Encryption works by encoding the original data or plaintext with the help of sophisticated algorithms that convert it to unreadable text or ciphertext; a decryption key would be needed to revert to a readable format. Encryption is best suited for unstructured fields or databases that aren’t exchanged regularly or stored in multiple systems. It is used to protect sensitive data such as payment card information (PCI), personally identifiable information (PII), financial account numbers, and more.

Tokenization

Tokenization is similar to encryption, the only difference being that a random generated alphanumeric value, called a token, replaces the original value, whereas in encryption algorithms are applied on plaintext to create ciphertext. In tokenization, the token server stores the relationships between the original and the token values. When a user application needs the original data, the tokenization system looks up the token value to retrieve it.

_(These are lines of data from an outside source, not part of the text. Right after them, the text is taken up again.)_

Lemma code_owner_cross g h r t : group_block g != group_block h -> r < 4 -> t < 4 ->
  code_owner (4 * g + 1 + r) (4 * h + 1 + t) = CrossCycle g h (swap (+) cross_side r t).
Proof.
move=> ngh r4 t4; rewrite /code_owner ifF ?cross_ownerE //.
by rewrite !blk_group // (negbTE ngh) orbF addn_eq0 addn1.
Qed.

Lemma sym_owner_code_cross a b : 0 < a -> 0 < b -> blk a != blk b ->
  sym_owner code_owner a b = sym_owner (cross_owner swap) a b.
Proof.
wlog ab : a b / a <= b => [hyp a0 b0 nab|].
  case: (leqP a b) => [ab|/ltnW ba]; first exact: hyp.
  by rewrite sym_ownerC hyp 1?eq_sym // sym_ownerC.
by move=> a0 b0 nab; rewrite !sym_ownerE // /code_owner eqn0Ngt a0 (negbTE nab).
Qed.

Lemma code_vtx_le c i : c \in cycles -> i < 8 -> code_vtx c i <= 16 * k + 4.
Proof.
rewrite mem_codes; case: c => [j|b j|g h s] /= valid i8.
- by have := decomp_vtx_le dec21 (_ : j \in iota 0 _) i8; rewrite mem_iota => /(_ valid); lia.
- case/andP: valid => /andP [_ bk] jT.
  have := decomp_vtx_le dec17 (_ : j \in iota 0 _) i8.
  by rewrite mem_iota => /(_ jT) /(into_block_le b); lia.
- by case/and3P: valid => gh hk _; have := cross_vtx_le (swap (+) s) gh i8; lia.
Qed.

Lemma base_vtx j i : code_vtx (BaseCycle j) i = table_vtx T21 j i.
Proof. by []. Qed.

Lemma block_vtx b j i : code_vtx (BlockCycle b j) i = into_block b (table_vtx T17 j i).
Proof. by []. Qed.

Lemma mkseq_block_vtx b j :
  mkseq (code_vtx (BlockCycle b j)) 8 = map (into_block b) (mkseq (table_vtx T17 j) 8).
Proof. by rewrite /mkseq -map_comp. Qed.

Lemma code_uniq c : c \in cycles -> uniq (mkseq (code_vtx c) 8).
Proof.
rewrite mem_codes; case: c => [j|b j|g h s] valid.
- by apply: (decomp_uniq dec21); rewrite mem_iota.
- case/andP: valid => _ jT.
  rewrite mkseq_block_vtx map_inj_uniq; last exact: into_block_inj.
  by apply: (decomp_uniq dec17); rewrite mem_iota.
- by case/and3P: valid => gh _ _; apply: cross_uniq.
Qed.

Lemma code_owner_edge c i : c \in cycles -> i < 8 ->
  sym_owner code_owner (code_vtx c i) (code_vtx c (nxt i)) = c.
Proof.
rewrite mem_codes; case: c => [j|b j|g h s] /= valid i8.
- have jT : j \in iota 0 (size T21) by rewrite mem_iota.
  have := decomp_step_neq dec21 jT i8; have := decomp_vtx_le dec21 jT i8.
  have := decomp_vtx_le dec21 jT (nxt_lt i) => le2 le1 neq.
  rewrite {1}/sym_owner code_owner_base; last by lia.
  by rewrite -/(sym_owner _ _ _) (decomp_owner dec21 jT i8).
- case/andP: valid => /andP [b_gt0 _] jT'.
  have jT : j \in iota 0 (size T17) by rewrite mem_iota.
  have := decomp_step_neq dec17 jT i8; have := decomp_vtx_le dec17 jT i8.
  have := decomp_vtx_le dec17 jT (nxt_lt i) => le2 le1 neq.
  rewrite {1}/sym_owner into_block_minn into_block_maxn code_owner_block //; last by lia.
  by rewrite -/(sym_owner _ _ _) (decomp_owner dec17 jT i8).
- case/and3P: valid => gh _ ngh; have [a0 b0 nab] := cross_edge_blocks (swap (+) s) ngh i8.
  by rewrite sym_owner_code_cross // cross_owner_edge // addKb.
Qed.

Definition code_covers (x y : nat) :=
  code_owner x y \in cycles /\ exists2 i, i < 8 &
    same_edge x y (code_vtx (code_owner x y) i) (code_vtx (code_owner x y) (nxt i)).

Lemma cover_base x y : x < y <= 20 -> (x, y) \notin K5_edges -> code_covers x y.
Proof.
move=> xy xyL; rewrite /code_covers code_owner_base // mem_codes /=.
by have [+ cyc] := decomp_cover dec21 xy xyL; rewrite mem_iota.
Qed.

Lemma cover_block b u w : 0 < b < k -> u < w <= 16 -> code_covers (into_block b u) (into_block b w).
Proof.
move=> /andP [b_gt0 bk] uw; rewrite /code_covers code_owner_block // mem_codes /= b_gt0 bk.
have [+ [i i8 Euw]] := decomp_cover dec17 uw (negbT (in_nil _)); rewrite mem_iota => -> /=.
by split => //; exists i; rewrite // same_edge_inj //; apply: into_block_inj.
Qed.

Lemma cover_cross g h r t : g < h <= 4 * k -> group_block g != group_block h -> r < 4 -> t < 4 ->
  code_covers (4 * g + 1 + r) (4 * h + 1 + t).
Proof.
move=> /andP [gh hk] ngh r4 t4; rewrite /code_covers code_owner_cross // mem_codes /= gh hk ngh.
by split => //=; rewrite addKb; apply: cross_cover.
Qed.

Lemma code_cover x y : x < y <= 16 * k + 4 -> (x, y) \notin K5_edges -> code_covers x y.
Proof.
move=> /andP [xy ym] xyL; case: (boolP ((x == 0) || (blk x == blk y))) => [same_block|].
  have [y20|y21] := leqP y 20; first by apply: cover_base; rewrite ?xy.
  move Eb: (blk y) same_block => b same_block.
  have [b_gt0 bk] : 0 < b /\ b < k by move: Eb; rewrite /blk; lia.
  have [u [w [-> -> uw]]] : exists u w, [/\ x = into_block b u, y = into_block b w & u < w <= 16].
    exists (x - (16 * b + 4)), (y - (16 * b + 4)).
    move: same_block Eb; rewrite /into_block /blk => /orP [/eqP ?|/eqP ?] ?;
      by split; try case: eqP => ?; lia.
  by apply: cover_block; rewrite ?b_gt0.
rewrite negb_or => /andP [x_gt0 blk_xy].
have [g [h [r [t [-> -> [gh hk ngh r4 t4]]]]]] : exists g h r t,
    [/\ x = 4 * g + 1 + r, y = 4 * h + 1 + t &
     [/\ g < h, h <= 4 * k, group_block g != group_block h, r < 4 & t < 4]].
  exists ((x - 1) %/ 4), ((y - 1) %/ 4), ((x - 1) %% 4), ((y - 1) %% 4).
  move: x_gt0 blk_xy; rewrite /blk /group_block => x_gt0 blk_xy.
  by split; [lia | lia | split; lia].
by apply: cover_cross; rewrite ?gh.
Qed.

Lemma code_leave p : p \in K5_edges -> p.1 < p.2 <= 16 * k + 4 /\ code_owner p.1 p.2 \notin cycles.
Proof.
move=> pL; have [/andP [lt12 le20] notin] := decomp_leave dec21 pL.
split; first by rewrite lt12; lia.
by rewrite code_owner_base ?lt12 // mem_codes /=; move: notin; rewrite mem_iota.
Qed.

Lemma code_decomposition : edge_decomposition (16 * k + 4) cycles code_vtx code_owner K5_edges.
Proof.
split; [exact: code_vtx_le | exact: code_uniq | exact: code_owner_edge | | exact: code_leave].
exact: code_cover.
Qed.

This method is mostly used to protect sensitive data in payment processing systems, such as credit card information.

Masking

Masking has various approaches ranging from simple to complex based on the organization’s use case. A simple method is to replace the real data with null or constant values. A slightly sophisticated approach would be to mask the data in a way that retains the identity of the original data to preserve its analytical value. This approach ensures the efficient use of masked data for analysis without the fear of leaking private information.

Broadly speaking, there are two types of masking methods. Permanent scrambling of data which cannot be retrieved once masked is called Static Data Masking (SDM). Masking can also be used to control access to sensitive data based on who the user is. This method, known as Dynamic Data Masking (DDM), allows only authorized users to view the original data, whereas the masked data is shown to unauthorized users. Masking is used to secure non-production and production environments to allow for testing or quality assurance requirements and user-based access without the risk of sensitive data disclosure.

Conclusion

Encryption, tokenization, and masking have been around for a long time now, all having their use-cases. While encryption and tokenization are used to secure data at rest and data in motion, masking is especially beneficial for data in use. When data is continually used for business purposes such as testing and development, encryption or tokenization becomes a complicated process. The user needs to use a key to decrypt the ciphertext or use the token value to retrieve the real data many times to not risk disclosure of sensitive information. Masking addresses this issue wherein the masked data retains the characteristics of the original data, meaning it resembles the original data but is still fictitious. Hence, it is functional for business use cases without compromising sensitive data. Overall, the matter of which solution to opt for depends on the organization’s need. Depending on the use case, a combination of these technologies can also end up being the best way to go about it.